Lemma NoDup_bounded_length (s : list nat) m :
  NoDup s -> (forall y, In y s -> (y < m)%nat) -> (length s <= m)%nat.
Proof.
  intros Hs Hm. rewrite -(length_seq m 0). apply NoDup_incl_length; auto.
  intros y Hy. apply in_seq. specialize (Hm y Hy). lia.
Qed.

Lemma bounded_witnesses {A : Type} (l : list A) (Q : A -> nat -> Prop) :
  (forall a, In a l -> exists m, Q a m) ->
  exists N, forall a, In a l -> exists m, (m <= N)%nat /\ Q a m.
Proof.
  induction l as [|a l IH]; intros HQ.
  - exists 0%nat. intros a [].
  - destruct IH as [N HN]; [intros b Hb; apply HQ; right; auto|].
    destruct (HQ a (or_introl eq_refl)) as [ma Hma].
    exists (Nat.max N ma). intros b [<-|Hb].
    + exists ma. split; [lia|auto].
    + destruct (HN b Hb) as [m [Hm HQm]]. exists m. split; [lia|auto].
Qed.

Lemma finite_below_code {I : countType} (P : I -> Prop) K :
  exists l : list I, forall i, In i l <-> (pickle i < K)%nat /\ P i.
Proof.
  induction K as [|K [l Hl]].
  - exists []. intros i. simpl. lia.
  - destruct (@pickle_inv I K) as [i0|] eqn:Ei0;
      [destruct (classic (P i0)) as [HP|HP]|].
    + exists (i0 :: l). intros i. simpl. rewrite Hl.
      assert (Hcode : pickle i0 = K) by (have := @pickle_invK I K; rewrite Ei0; auto).
      split.
      * intros [<-|[Hi HPi]]; split; auto; lia.
      * intros [Hi HPi]. destruct (Nat.eq_dec (pickle i) K) as [E|E]; [|right; split; auto; lia].
        left. rewrite -E pickleK_inv in Ei0. injection Ei0 as ->. reflexivity.
    + exists l. intros i. rewrite Hl. split; [intros [Hi HPi]; split; auto; lia|].
      intros [Hi HPi]. split; auto. destruct (Nat.eq_dec (pickle i) K) as [E|E]; [|lia].
      rewrite -E pickleK_inv in Ei0. injection Ei0 as <-. contradiction.
    + exists l. intros i. rewrite Hl. split; [intros [Hi HPi]; split; auto; lia|].
      intros [Hi HPi]. split; auto. destruct (Nat.eq_dec (pickle i) K) as [E|E]; [|lia].
      rewrite -E pickleK_inv in Ei0. discriminate.
Qed.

About this exercise:
Go through the records from the first line and copy each one exactly, ending after the line that contains "- destruct (@pickle_inv". Give nothing else.

Solved exercise:
Lemma NoDup_bounded_length (s : list nat) m :
  NoDup s -> (forall y, In y s -> (y < m)%nat) -> (length s <= m)%nat.
Proof.
  intros Hs Hm. rewrite -(length_seq m 0). apply NoDup_incl_length; auto.
  intros y Hy. apply in_seq. specialize (Hm y Hy). lia.
Qed.

Lemma bounded_witnesses {A : Type} (l : list A) (Q : A -> nat -> Prop) :
  (forall a, In a l -> exists m, Q a m) ->
  exists N, forall a, In a l -> exists m, (m <= N)%nat /\ Q a m.
Proof.
  induction l as [|a l IH]; intros HQ.
  - exists 0%nat. intros a [].
  - destruct IH as [N HN]; [intros b Hb; apply HQ; right; auto|].
    destruct (HQ a (or_introl eq_refl)) as [ma Hma].
    exists (Nat.max N ma). intros b [<-|Hb].
    + exists ma. split; [lia|auto].
    + destruct (HN b Hb) as [m [Hm HQm]]. exists m. split; [lia|auto].
Qed.

Lemma finite_below_code {I : countType} (P : I -> Prop) K :
  exists l : list I, forall i, In i l <-> (pickle i < K)%nat /\ P i.
Proof.
  induction K as [|K [l Hl]].
  - exists []. intros i. simpl. lia.
  - destruct (@pickle_inv I K) as [i0|] eqn:Ei0;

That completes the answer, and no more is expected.